We may further evaluate the model based on posterior diagnostics and posterior predictive checks on the simulated versus observed proportion of zeros. Posterior predictive checks are easily visualized using the bayesplot package.

# Posterior predictive check using bayesplot
suppressMessages(library(bayesplot))
prop_zero = function(y) mean(y == 0)
ppc_stat(y = y, 
          yrep = fit_blm$post.pred, 
          stat = "prop_zero")

BART STAR

One of the most flexible model options is to use Bayesian Additive Regression Trees (BART; Chipman, George, and McCulloch (2012)) as the latent regression model. Here, \(\mu_\theta(x)\) is a sum of many shallow trees with small (absolute) terminal node values. BART-STAR enables application of BART models and algorithms for count data, thus combining the regression flexibility of BART with the (marginal) distributional flexibility of STAR:

fit_bart = bart_star(y = y, X = X, 
                     transformation = 'np')
#> [1] "1 sec remaining"
#> [1] "Total time: 2 seconds"

Since bnp is not yet implemented for bart_star(), we use np here. The transformation is still estimated nonparametrically, but then is treated as fixed and known (see 'ispline' for a fully Bayesian and nonparametric version, albeit slower).

Once again, we can perform posterior predictive checks. This time we plot the densities:

ppc_dens_overlay(y = y, 
                 yrep = fit_bart$post.pred[1:50,])

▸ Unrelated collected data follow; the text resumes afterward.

Lemma S_procedure_certificate (G u r : R) :
  0 < G -> 0 < u -> 0 <= r -> 2 * r < u -> 2 * r * u <= G * (u - 2 * r) ->
  exists theta, 0 <= theta <= 1 /\
    forall w y, r^2 * (w + 2 * G * y)^2
                <= theta * G^2 * (w - u * y)^2 + (1 - theta) * G^2 * u^2 * y^2.
Proof.
  intros HG Hu Hr Hur Hneg.
  assert (Hu2 : 0 < u^2) by (apply pow_lt; lra).
  set (N := G * (u^2 - 4 * r^2) - 4 * r^2 * u).
  assert (HN_lo : 2 * r * u^2 <= N).
  { assert (N - 2 * r * u^2 = (u + 2 * r) * (G * (u - 2 * r) - 2 * r * u))
      by (unfold N; ring).
    assert (0 <= (u + 2 * r) * (G * (u - 2 * r) - 2 * r * u))
      by (apply Rmult_le_pos; lra).
    lra. }
  (* [Y = theta * G] maximises the discriminant [Y N - Y^2 u^2 - r^2 u^2] below. *)
  set (Y := N / (2 * u^2)).
  assert (HY : 2 * u^2 * Y = N) by (unfold Y; field; lra).
  exists (Y / G). split.
  - split.
    + assert (0 <= N) by (assert (0 <= r * u^2) by (apply Rmult_le_pos; nra); lra).
      assert (0 <= Y)
        by (unfold Y, Rdiv; apply Rmult_le_pos; [lra | apply Rlt_le, Rinv_0_lt_compat; nra]).
      unfold Rdiv; apply Rmult_le_pos; [lra | apply Rlt_le, Rinv_0_lt_compat; lra].
    + apply (Rmult_le_reg_r (2 * u^2 * G)); [apply Rmult_lt_0_compat; lra |].
      replace (Y / G * (2 * u^2 * G)) with N by (rewrite <- HY; field; lra).
      unfold N; nra.
  - intros w y.
    assert (Hdisc : (Y * u + 2 * r^2)^2 <= (u^2 - 4 * r^2) * (G * Y - r^2)).
    { assert (4 * u^2 * ((u^2 - 4 * r^2) * (G * Y - r^2) - (Y * u + 2 * r^2)^2)
              = 4 * u^2 * (Y * N - Y^2 * u^2 - r^2 * u^2)) by (unfold N; ring).
      assert (4 * u^2 * (Y * N - Y^2 * u^2 - r^2 * u^2)
              = (N - 2 * r * u^2) * (N + 2 * r * u^2)) by (rewrite <- HY; ring).
      assert (0 <= (N - 2 * r * u^2) * (N + 2 * r * u^2))
        by (apply Rmult_le_pos; nra).
      nra. }
    assert (Hform := quad_form_nonneg (G^2 * (u^2 - 4 * r^2)) (- (G * (Y * u + 2 * r^2)))
                       (G * Y - r^2) y w).
    replace (Y / G * G^2) with (G * Y) by (field; lra).
    replace (1 - Y / G) with ((G - Y) / G) by (field; lra).
    assert (Hpos : 0 < G^2 * (u^2 - 4 * r^2)) by (apply Rmult_lt_0_compat; nra).
    assert (Hd : (- (G * (Y * u + 2 * r^2)))^2
                 <= G^2 * (u^2 - 4 * r^2) * (G * Y - r^2)) by nra.
    specialize (Hform Hpos Hd).
    replace ((G - Y) / G * G^2 * u^2 * y^2) with ((G - Y) * G * u^2 * y^2) by (field; lra).
    nra.
Qed.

Pointwise log-likelihoods and WAIC values are outputted for model comparison. Using this information, we can see the BART STAR model seems to have a better fit than the linear model:

waic <- c(fit_blm$WAIC, fit_bart$WAIC)
names(waic) <- c("STAR Linear Model", "BART-STAR")
print(waic)
#> STAR Linear Model         BART-STAR 
#>           1764.59           1638.60

Other Bayesian Models

To estimate a nonlinear relationship between a (univariate) covariate \(x\) and count-valued \(y\), spline_star() implements a highly efficient, fully Bayesian spline regression model.

For multiple nonlinear effects, bam_star() implements a Bayesian additive model with STAR. The user specifies which covariates should be modeled linearly and which should be modeled nonlinearly via splines. Note that bam_star() can be slower than blm_star() or bart_star().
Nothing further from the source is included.